| Network Working Group | O. Finkelman |
| Internet-Draft | Qwilt |
| Intended status: Standards Track | S. Mishra |
| Expires: March 27, 2020 | Verizon |
| September 24, 2019 |
CDNI Request Routing Extensions
draft-ietf-cdni-request-routing-extensions-07
Open Caching is a use case of Content Delivery Networks Interconnetion (CDNI) in which the commercial Content Delivery Network (CDN) is the upstream CDN (uCDN) and the ISP caching layer serves as the downstream CDN (dCDN). The extensions specified in this document to the CDNI Metadata and FCI interfaces are derived from requirements raised by Open Caching but are also applicable to CDNI use cases in general.
The key words "MUST", "MUST NOT", "REQUIRED", "SHALL", "SHALL NOT", "SHOULD", "SHOULD NOT", "RECOMMENDED", "NOT RECOMMENDED", "MAY", and "OPTIONAL" in this document are to be interpreted as described in BCP 14 [RFC2119] [RFC8174] when, and only when, they appear in all capitals, as shown here.
This Internet-Draft is submitted in full conformance with the provisions of BCP 78 and BCP 79.
Internet-Drafts are working documents of the Internet Engineering Task Force (IETF). Note that other groups may also distribute working documents as Internet-Drafts. The list of current Internet-Drafts is at https://datatracker.ietf.org/drafts/current/.
Internet-Drafts are draft documents valid for a maximum of six months and may be updated, replaced, or obsoleted by other documents at any time. It is inappropriate to use Internet-Drafts as reference material or to cite them other than as "work in progress."

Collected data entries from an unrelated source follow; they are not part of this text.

(* Keep bracketing v0 with elements of K while the result stays outside U; this
   stops within N steps since words of length N vanish. *)
Lemma engel_fixed_mod (K U V : {vspace L}) N v0 :
  (forall xs, size xs = N -> {subset xs <= K} -> forall y, foldr br y xs = 0) ->
  (forall k v, k \in K -> v \in V -> br k v \in V) ->
  v0 \in V -> v0 \notin U ->
  exists v, [/\ v \in V, v \notin U & forall k, k \in K -> br k v \in U].
Proof.
move=> wordsK stabV v0V v0U.
suff: forall m v, v \in V -> v \notin U ->
    (forall xs, size xs = m -> {subset xs <= K} -> foldr br v xs \in U) ->
    exists v, [/\ v \in V, v \notin U & forall k, k \in K -> br k v \in U].
  by move/(_ N v0 v0V v0U); apply=> xs sizexs sxK; rewrite wordsK ?mem0v.
elim=> [|m IHm] v vV vU wordsU.
  by case/negP: vU; exact: (wordsU [::]).
have [fixv|nfixv] := classic (forall k, k \in K -> br k v \in U); first by exists v.
have [k nkv] := not_all_ex_not _ _ nfixv.
have [kK kvU] := imply_to_and _ _ nkv.
apply: (IHm (br k v)); [exact: stabV | exact/negP | move=> xs sizexs sxK].
rewrite -[br k v]/(foldr br v [:: k]) -foldr_cat; apply: wordsU.
  by rewrite size_cat sizexs addn1.
by move=> z; rewrite mem_cat => /orP[/sxK //|]; rewrite inE => /eqP ->.
Qed.

End Subspaces.

Section NilPart.
Variables (F : fieldType) (L : vectType F) (br : L -> L -> L).
Hypothesis lie : lie_axioms br.
Local Notation n := (\dim (fullv : {vspace L})).

Definition nil_part (S N : {vspace L}) := forall x, x \in N <-> x \in S /\ acts_nil br x.

Lemma acts_nil0 : acts_nil br 0.
Proof. by exists 1%N => y; rewrite /= (br0l lie). Qed.

Lemma nil_part_exists S : triangulable_on br S -> exists N, nil_part S N.
Proof.
move=> triS; apply: linear_pred_vspace => [|a x y [xS nilx] [yS nily]].
  by split; [exact: mem0v | exact: acts_nil0].
by split; [rewrite memvD ?memvZ | apply: (triangulable_nilDZ lie triS)].
Qed.

Lemma nil_part_self S : is_nil_on br S -> nil_part S S.
Proof. by move=> nilS x; split=> [xS | []//]; split=> //; exact: nilS. Qed.

Variables (S N : {vspace L}).
Hypothesis partN : nil_part S N.

Lemma nil_part_sub : (N <= S)%VS.
Proof. by apply/subvP => x /partN[]. Qed.

Lemma nil_part_nil : is_nil_on br N.
Proof. by move=> x /partN[]. Qed.

Hypothesis triS : triangulable_on br S.

Lemma nil_part_words xs y : size xs = n -> {subset xs <= N} -> foldr br y xs = 0.
Proof.
by move=> sizexs sxN; apply: (triangulable_nil_words lie triS) => // x /sxN /partN[].
Qed.

Lemma exists_normalizing_vector (K V : {vspace L}) : (K <= N)%VS ->
  (forall k v, k \in K -> v \in V -> br k v \in V) -> ~~ (V <= K)%VS ->
  exists v, [/\ v \in V, v \notin K & forall k, k \in K -> br v k \in K].
Proof.
move=> sKN stabV /subvPn[v0 v0V v0K].
have wordsK xs : size xs = n -> {subset xs <= K} -> forall y, foldr br y xs = 0.
  by move=> sizexs sxK y; apply: nil_part_words => // x /sxK; exact: (subvP sKN).
have [v [vV vK fixv]] := engel_fixed_mod wordsK stabV v0V v0K.
by exists v; split=> // k kK; rewrite (brNC lie) memvN fixv.
Qed.

Hypothesis subS : is_subalgebra br S.

Lemma nil_part_br x y : x \in S -> y \in S -> br x y \in N.
Proof.
by move=> xS yS; apply/partN; split; [exact: subS | exact: (triangulable_nil_br lie triS)].
Qed.

Lemma nil_part_subalgebra : is_subalgebra br N.
Proof. by move=> x y /partN[xS _] /partN[yS _]; exact: nil_part_br. Qed.

Lemma nil_part_ideal : is_ideal_of br S N.
Proof. by split=> [|x y xS /partN[yS _]]; [exact: nil_part_sub | exact: nil_part_br]. Qed.

Lemma nil_partP : is_nil_of br S N.
Proof.
split=> [||I [sIS _] nilI]; [exact: nil_part_ideal | exact: nil_part_nil |].
by apply/subvP => x xI; apply/partN; split; [exact: (subvP sIS) | exact: nilI].
Qed.

End NilPart.

Section Subalgebras.
Variables (F : fieldType) (L : vectType F) (br : L -> L -> L).

Lemma subalgebra_cap (S T : {vspace L}) :
  is_subalgebra br S -> is_subalgebra br T -> is_subalgebra br (S :&: T)%VS.
Proof.
move=> subS subT x y /memv_capP[xS xT] /memv_capP[yS yT].
by rewrite memv_cap subS ?subT.
Qed.

Hypothesis lie : lie_axioms br.

Lemma line_abelian (v : L) : is_abelian br <[v]>%VS.
Proof.
move=> _ _ /vlineP[a ->] /vlineP[b ->].
by rewrite (brZl lie) (brZr lie) (brxx lie) !scaler0.
Qed.

Lemma subalgebra_line (v : L) : is_subalgebra br <[v]>%VS.
Proof. by move=> x y xv yv; rewrite (line_abelian xv yv) mem0v. Qed.

Lemma normalizer_exists K : exists N, is_normalizer br K N.
Proof.
apply: linear_pred_vspace => [k _|a x y Nx Ny k kK]; first by rewrite (br0l lie) mem0v.
by rewrite (brDZl lie) memvD ?memvZ ?Nx ?Ny.
Qed.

This Internet-Draft will expire on March 27, 2020.
Copyright (c) 2019 IETF Trust and the persons identified as the document authors. All rights reserved.
This document is subject to BCP 78 and the IETF Trust's Legal Provisions Relating to IETF Documents (https://trustee.ietf.org/license-info) in effect on the date of publication of this document. Please review these documents carefully, as they describe your rights and restrictions with respect to this document. Code Components extracted from this document must include Simplified BSD License text as described in Section 4.e of the Trust Legal Provisions and are provided without warranty as described in the Simplified BSD License.

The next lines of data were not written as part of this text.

(* Let $\vec{\mathcal X}$ be a couple of translation invariant pseudolattices and $\vec B=(B_0,B_1)$ a complex Banach couple. Let $\{f_n\}_{n\in\mathbb Z}\in\mathcal J(\vec{\mathcal X},\vec B)$ and $f(z)=\sum_{n\in\mathbb Z}z^nf_n$, $z\in\mathbb A$. Suppose $f(s)=0$ for some $s\in\mathbb A$, and define $g:\mathbb A\to B_0+B_1$ by $g(s)=f'(s)$ and $g(z)=f(z)/(z-s)$ for $z\ne s$. Then $g\in\mathcal F_{\vec{\mathcal X}}(\vec B)$, and the Laurent coefficients $\{g_n\}$ of $g$ on $\mathbb A$ (i.e. $g(z)=\sum_n z^ng_n$) satisfy $\{g_n\}\in\mathcal J(\vec{\mathcal X},\vec B)$ and $$\|\{g_n\}\|_{\mathcal J(\vec{\mathcal X},\vec B)}\le\delta(s)\|\{f_n\}\|_{\mathcal J(\vec{\mathcal X},\vec B)},\qquad \delta(s)=\max\{(|s|-1)^{-1},(e-|s|)^{-1}\}.$$
   Context: A pseudolattice $\mathcal{X}$ assigns to every complex Banach space $B$ a Banach space $\mathcal{X}(B)$ of two-sided sequences in $B$ such that: $\mathcal X(A)$ is a closed subspace of $\mathcal X(B)$ when $A$ is a closed subspace of $B$; $\|\{Ta_n\}\|_{\mathcal{X}(B)}\le C\|T\|\|\{a_n\}\|_{\mathcal{X}(A)}$ for bounded linear $T:A\to B$ with a fixed $C$; and $\|b_m\|_B\le\|\{b_n\}\|_{\mathcal{X}(B)}$. A couple $(\mathcal X_0,\mathcal X_1)$ is translation invariant if the shifts $\{b_n\}\mapsto\{b_{n+k}\}$, $k\in\mathbb Z$, are isometries of each $\mathcal X_j(B)$ onto itself for every $B$. $\mathcal{J}(\vec{\mathcal{X}},\vec B)$ is the Banach space of sequences $\{b_n\}\subset B_0\cap B_1$ with norm $\max\{\|\{b_n\}\|_{\mathcal{X}_0(B_0)},\|\{e^nb_n\}\|_{\mathcal{X}_1(B_1)}\}<\infty$. $\mathbb{A}=\{z\in\mathbb C:1<|z|<e\}$. $\mathcal{F}_{\vec{\mathcal{X}}}(\vec B)$ is the Banach space of analytic functions $f:\mathbb{A}\to B_0+B_1$, $f(z)=\sum_n z^nb_n$ with $\{b_n\}\in\mathcal{J}(\vec{\mathcal{X}},\vec B)$, normed by $\|\{b_n\}\|_{\mathcal J}$. *)

From Stdlib Require Import Reals ZArith.
From Coquelicot Require Import Coquelicot.
Open Scope R_scope.

Definition BanachC := CompleteNormedModule C_AbsRing.

Definition seq_plus {B : BanachC} (a b : Z -> B) : Z -> B := fun n => plus (a n) (b n).
Definition seq_scal {B : BanachC} (l : C) (a : Z -> B) : Z -> B := fun n => scal (l : C_AbsRing) (a n).
Definition seq_zero {B : BanachC} : Z -> B := fun _ => zero.
Definition seq_minus {B : BanachC} (a b : Z -> B) : Z -> B := fun n => minus (a n) (b n).
Definition shift {B : BanachC} (k : Z) (b : Z -> B) : Z -> B := fun n => b (n + k)%Z.

Definition is_linear {A B : BanachC} (T : A -> B) : Prop :=
  (forall x y, T (plus x y) = plus (T x) (T y)) /\
  (forall (l : C_AbsRing) x, T (scal l x) = scal l (T x)).

(* A pseudolattice: to every complex Banach space B a Banach space X(B)
   of two-sided sequences in B, given by a membership predicate and a norm. *)
Record pseudolattice : Type := {
  pl_mem : forall B : BanachC, (Z -> B) -> Prop;
  pl_norm : forall B : BanachC, (Z -> B) -> R;
  pl_zero : forall B, pl_mem B seq_zero;
  pl_plus : forall B a b, pl_mem B a -> pl_mem B b -> pl_mem B (seq_plus a b);
  pl_scal : forall B l a, pl_mem B a -> pl_mem B (seq_scal l a);
  pl_norm_ge0 : forall B a, pl_mem B a -> 0 <= pl_norm B a;
  pl_norm_eq0 : forall B a, pl_mem B a -> pl_norm B a = 0 -> a = seq_zero;
  pl_norm_triangle : forall B a b, pl_mem B a -> pl_mem B b ->
      pl_norm B (seq_plus a b) <= pl_norm B a + pl_norm B b;
  pl_norm_scal : forall B l a, pl_mem B a ->
      pl_norm B (seq_scal l a) = Cmod l * pl_norm B a;
  pl_complete : forall (B : BanachC) (u : nat -> Z -> B), (forall k, pl_mem B (u k)) ->
      (forall eps, 0 < eps -> exists N, forall p q, (N <= p)%nat -> (N <= q)%nat ->
         pl_norm B (seq_minus (u p) (u q)) < eps) ->
      exists v, pl_mem B v /\
      (forall eps, 0 < eps -> exists N, forall p, (N <= p)%nat ->
         pl_norm B (seq_minus (u p) v) < eps);
  (* closed subspaces: A is identified with its image under a linear isometry
     j : A -> B; X(A) is then (isometrically) a closed subspace of X(B) *)
  pl_subspace : forall (A B : BanachC) (j : A -> B), is_linear j ->
      (forall x, norm (j x) = norm x) ->
      (forall a, pl_mem A a -> pl_mem B (fun n => j (a n)) /\
                 pl_norm B (fun n => j (a n)) = pl_norm A a) /\
      (forall (u : nat -> Z -> A) (v : Z -> B), (forall k, pl_mem A (u k)) ->
         pl_mem B v ->
         (forall eps, 0 < eps -> exists N, forall p, (N <= p)%nat ->
            pl_norm B (seq_minus (fun n => j (u p n)) v) < eps) ->
         exists a, pl_mem A a /\ v = (fun n => j (a n)));
  (* bounded operators; M is any bound for the operator norm of T *)
  pl_const : R;
  pl_operator : forall (A B : BanachC) (T : A -> B) (M : R), is_linear T ->
      0 <= M -> (forall x, norm (T x) <= M * norm x) ->
      forall a, pl_mem A a -> pl_mem B (fun n => T (a n)) /\
        pl_norm B (fun n => T (a n)) <= pl_const * M * pl_norm A a;
  pl_coord : forall (B : BanachC) a, pl_mem B a -> forall m, norm (a m) <= pl_norm B a
}.

Definition translation_invariant (X : pseudolattice) : Prop :=
  forall (B : BanachC) (k : Z) (b : Z -> B),
    (pl_mem X B b <-> pl_mem X B (shift k b)) /\
    (pl_mem X B b -> pl_norm X B (shift k b) = pl_norm X B b).

(* A complex Banach couple: B0, B1 linearly and injectively placed in a common
   complex vector space U, compatibly (the K-functional K(1,.) on B0+B1 is
   definite, i.e. B0+B1 is a Hausdorff normed space). *)
Record couple : Type := {
  cU : ModuleSpace C_AbsRing;
  cB0 : BanachC;
  cB1 : BanachC;
  i0 : cB0 -> cU;
  i1 : cB1 -> cU;
  i0_plus : forall x y, i0 (plus x y) = plus (i0 x) (i0 y);
  i0_scal : forall (l : C_AbsRing) x, i0 (scal l x) = scal l (i0 x);
  i1_plus : forall x y, i1 (plus x y) = plus (i1 x) (i1 y);
  i1_scal : forall (l : C_AbsRing) x, i1 (scal l x) = scal l (i1 x);
  i0_inj : forall x y, i0 x = i0 y -> x = y;
  i1_inj : forall x y, i1 x = i1 y -> x = y;
  c_hausdorff : forall x : cU,
    (forall eps, 0 < eps -> exists a b, x = plus (i0 a) (i1 b) /\ norm a + norm b < eps) ->
    x = zero
}.

(* K(1, x) < r, the norm of B0 + B1 *)
Definition Klt (cp : couple) (x : cU cp) (r : R) : Prop :=
  exists (a : cB0 cp) (b : cB1 cp), x = plus (i0 cp a) (i1 cp b) /\ norm a + norm b < r.

Definition Kseries (cp : couple) (u : nat -> cU cp) (x : cU cp) : Prop :=
  forall eps, 0 < eps -> exists N, forall n, (N <= n)%nat ->
    Klt cp (minus x (sum_n u n)) eps.

Definition zpowC (z : C) (n : Z) : C :=
  match n with
  | Z0 => RtoC 1
  | Zpos p => pow_n (z : C_Ring) (Pos.to_nat p)
  | Zneg p => pow_n ((/ z)%C : C_Ring) (Pos.to_nat p)
  end.

Definition laurent_sum (cp : couple) (h : Z -> cU cp) (z : C) (x : cU cp) : Prop :=
  exists xp xm : cU cp,
    Kseries cp (fun n => scal (zpowC z (Z.of_nat n) : C_AbsRing) (h (Z.of_nat n))) xp /\
    Kseries cp (fun n => scal (zpowC z (- Z.of_nat (S n)) : C_AbsRing)
                              (h (- Z.of_nat (S n))%Z)) xm /\
    x = plus xp xm.

Definition Kderiv (cp : couple) (f : C -> cU cp) (s : C) (l : cU cp) : Prop :=
  forall eps, 0 < eps -> exists del, 0 < del /\
    forall z : C, Cmod (z - s)%C < del -> z <> s ->
      Klt cp (minus (minus (f z) (f s)) (scal ((z - s)%C : C_AbsRing) l)) (eps * Cmod (z - s)%C).

Definition inA (z : C) : Prop := 1 < Cmod z < exp 1.

Definition eweight {B : BanachC} (c : Z -> B) : Z -> B :=
  fun n => scal (RtoC (exp (IZR n)) : C_AbsRing) (c n).

(* {b_n} in J(X, B): a sequence in B0 ∩ B1, given by its B0 and B1 representatives *)
Definition inJ (X0 X1 : pseudolattice) (cp : couple) (a : Z -> cB0 cp) (c : Z -> cB1 cp) : Prop :=
  (forall n, i0 cp (a n) = i1 cp (c n)) /\
  pl_mem X0 (cB0 cp) a /\ pl_mem X1 (cB1 cp) (eweight c).

Definition Jnorm (X0 X1 : pseudolattice) (cp : couple) (a : Z -> cB0 cp) (c : Z -> cB1 cp) : R :=
  Rmax (pl_norm X0 (cB0 cp) a) (pl_norm X1 (cB1 cp) (eweight c)).

Definition delta (s : C) : R := Rmax (/ (Cmod s - 1)) (/ (exp 1 - Cmod s)).

From Pilot Require Import Defs.
From Stdlib Require Import Reals ZArith.
From Coquelicot Require Import Coquelicot.
Open Scope R_scope.

From Stdlib Require Import Lra Lia FunctionalExtensionality.

(* The Laurent coefficients of f(z) / (z - s) must solve
   the recurrence g_(m-1) = f_m + s g_m, which has two natural solutions:
   - in B0, solved downwards, g_n = - sum_(k>=0) s^(-k-1) f_(n-k): since |s| > 1 this converges
     in X0(B0), with norm at most (|s| - 1)^(-1) |{f_n}|;
   - in B1, solved upwards, g_n = sum_(k>=0) s^k f_(n+1+k): since |s| < e this converges with
     the weights e^n in X1(B1), with norm at most (e - |s|)^(-1) |{e^n f_n}|.
   Both come from one fact, Banach's fixed point theorem in a translation invariant pseudolattice
   (pl_shift_recurrence). Telescoping the recurrence against the Laurent series of f gives, for
   every z in the annulus, f(z) + g^0_(-1) = (z - s) y(z) + g^1_(-1), where y(z) is the Laurent sum
   of g^1 (n >= 0) and g^0 (n < 0). At z = s it yields g^0_(-1) = g^1_(-1), and the recurrence
   propagates this to all n, so {g_n} lies in J with the stated bound and f(z) = (z - s) y(z).
   Hence g = y off s, while at s, y is Lipschitz and f'(s) = lim y(w), so g(s) = y(s). *)

Lemma pow_le_decr (q : R) (m n : nat) : 0 <= q <= 1 -> (m <= n)%nat -> q ^ n <= q ^ m.
Proof.
  intros Hq Hmn; induction Hmn as [|n Hmn IH]; [lra|].
  simpl; pose proof (pow_le q n ltac:(lra)); nra.
Qed.

Lemma geom_eventually_small (M q eps : R) : 0 <= q < 1 -> 0 < eps ->
  exists N, forall n, (N <= n)%nat -> M * q ^ n < eps.
Proof.
  intros Hq Heps.
  destruct (pow_lt_1_zero q ltac:(rewrite Rabs_pos_eq; lra) (eps / (Rabs M + 1)))
    as [N HN]; [apply Rdiv_lt_0_compat; pose proof (Rabs_pos M); lra|].
  exists N; intros n Hn; specialize (HN n Hn).
  rewrite Rabs_pos_eq in HN by (apply pow_le; lra).
  pose proof (Rabs_pos M); pose proof (Rle_abs M); pose proof (pow_le q n ltac:(lra)).
  apply Rmult_lt_compat_l with (r := Rabs M + 1) in HN; [|lra].
  replace ((Rabs M + 1) * (eps / (Rabs M + 1))) with eps in HN by (field; lra).
  nra.
Qed.

Lemma linear_times_geom (r : R) : 0 <= r < 1 ->
  exists K, 0 <= K /\ forall n, INR (S n) * r ^ n <= K * ((1 + r) / 2) ^ n.
Proof.
  intros Hr. set (rho := (1 + r) / 2). set (u := r / rho).
  assert (Hu : 0 <= u < 1) by (unfold u, rho; split;
    [apply Rdiv_le_0_compat; lra | apply Rmult_lt_reg_r with ((1 + r) / 2); field_simplify; lra]).
  (* (n + 1) u^n <= 1 + u + ... + u^n = (1 - u^(n+1)) / (1 - u) *)
  assert (Hsum : forall n, INR (S n) * u ^ n <= (1 - u ^ S n) / (1 - u)).
  { induction n as [|n IH].
    - simpl; apply Rmult_le_reg_r with (1 - u); [lra|]; field_simplify; lra.
    - rewrite S_INR; apply Rmult_le_reg_r with (1 - u); [lra|].
      replace ((1 - u ^ S (S n)) / (1 - u) * (1 - u)) with (1 - u ^ S (S n)) by (field; lra).
      apply Rmult_le_compat_r with (r := u * (1 - u)) in IH; [|nra].
      replace ((1 - u ^ S n) / (1 - u) * (u * (1 - u))) with (u * (1 - u ^ S n)) in IH
        by (field; lra).
      pose proof (pow_le u n ltac:(lra)); pose proof (pow_le_decr u 0 n ltac:(lra) ltac:(lia)).
      set (k := INR (S n)) in *; simpl in *.
      assert (u * u ^ n <= 1) by nra.
      assert (u * u ^ n * (1 - u) <= 1 - u) by nra. nra. }
  exists (1 / (1 - u)); split; [apply Rdiv_le_0_compat; lra|].
  intro n. replace (r ^ n) with (u ^ n * rho ^ n)
    by (rewrite <- Rpow_mult_distr; unfold u, rho; f_equal; field; lra).
  pose proof (pow_le rho n ltac:(unfold rho; lra)); pose proof (pow_le u (S n) ltac:(lra)).
  specialize (Hsum n).
  assert (INR (S n) * u ^ n <= 1 / (1 - u)).
  { apply Rle_trans with (1 := Hsum); unfold Rdiv; apply Rmult_le_compat_r;
      [left; apply Rinv_0_lt_compat|]; lra. }
  rewrite <- Rmult_assoc; apply Rmult_le_compat_r; auto.
Qed.

Lemma pow_n_Cpow (z : C) (n : nat) : pow_n (z : C_Ring) n = (z ^ n)%C.
Proof. induction n as [|n IH]; simpl; [reflexivity | rewrite IH; reflexivity]. Qed.

Lemma zpowC_nat (z : C) (n : nat) : zpowC z (Z.of_nat n) = (z ^ n)%C.
Proof.
  destruct n as [|n]; [reflexivity|].
  simpl Z.of_nat; change (pow_n (z : C_Ring) (Pos.to_nat (Pos.of_succ_nat n)) = (z ^ S n)%C).
  rewrite SuccNat2Pos.id_succ; apply pow_n_Cpow.
Qed.

Lemma zpowC_neg (z : C) (n : nat) : zpowC z (- Z.of_nat (S n)) = ((/ z) ^ S n)%C.
Proof.
  simpl Z.of_nat; simpl Z.opp.
  change (pow_n ((/ z)%C : C_Ring) (Pos.to_nat (Pos.of_succ_nat n)) = ((/ z) ^ S n)%C).
  rewrite SuccNat2Pos.id_succ; apply pow_n_Cpow.
Qed.

Lemma Cpow_diff_le (a b : C) (r : R) (n : nat) : Cmod a <= r -> Cmod b <= r ->
  Cmod (a ^ S n - b ^ S n)%C <= INR (S n) * r ^ n * Cmod (a - b)%C.
Proof.
  intros Ha Hb; induction n as [|n IH].
  - simpl; rewrite !Cmult_1_r; lra.
  - replace (a ^ S (S n) - b ^ S (S n))%C with (a * (a ^ S n - b ^ S n) + (a - b) * b ^ S n)%C
      by (simpl; ring).
    eapply Rle_trans; [apply Cmod_triangle|]; rewrite !Cmod_mult, Cmod_pow.
    pose proof (Cmod_ge_0 a); pose proof (Cmod_ge_0 (a - b)%C).
    pose proof (Cmod_ge_0 (a ^ S n - b ^ S n)%C).
    assert (Cmod b ^ S n <= r ^ S n) by (apply pow_incr; split; [apply Cmod_ge_0|auto]).
    assert (Cmod a * Cmod (a ^ S n - b ^ S n)%C <= r * (INR (S n) * r ^ n * Cmod (a - b)%C))
      by (apply Rmult_le_compat; auto).
    rewrite (S_INR (S n)); simpl in *; nra.
Qed.

Lemma Cpow_lipschitz (r : R) : 0 <= r < 1 -> exists K, 0 <= K /\
  forall (a b : C) (n : nat), Cmod a <= r -> Cmod b <= r ->
    Cmod (a ^ n - b ^ n)%C <= K * Cmod (a - b)%C * ((1 + r) / 2) ^ n.
Proof.
  intros Hr; destruct (linear_times_geom r Hr) as [K [HK Hgeom]].
  exists (K / ((1 + r) / 2)); split; [apply Rdiv_le_0_compat; lra|].
  intros a b [|n] Ha Hb.
  - simpl; replace (1 - 1)%C with (RtoC 0) by ring; rewrite Cmod_0.
    pose proof (Cmod_ge_0 (a - b)%C); apply Rmult_le_pos; [|lra].
    apply Rmult_le_pos; [apply Rdiv_le_0_compat|]; lra.
  - eapply Rle_trans; [apply (Cpow_diff_le a b r n Ha Hb)|].
    pose proof (Cmod_ge_0 (a - b)%C).
    replace (K / ((1 + r) / 2) * Cmod (a - b)%C * ((1 + r) / 2) ^ S n)
      with (K * ((1 + r) / 2) ^ n * Cmod (a - b)%C) by (simpl; field; lra).
    apply Rmult_le_compat_r; auto.
Qed.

The Open Caching working group of the Streaming Video Alliance (SVA) is focused on the delegation of video delivery requests from commercial CDNs to a caching layer at the Internet Service Provider's (ISP) network. Open Caching is a specific use case of CDNI where the commercial CDN is the upstream CDN (uCDN) and the ISP caching layer is the downstream CDN (dCDN). This document defines and registers CDNI generic metadata object [RFC8006] and CDNI Footprint and Capabilities object [RFC8008] that are required for Open Caching request routing. For consistency with other CDNI documents this document follows the CDNI convention of uCDN (upstream CDN) and dCDN (downstream CDN) to represent the commerical CDN and ISP caching layer respectively.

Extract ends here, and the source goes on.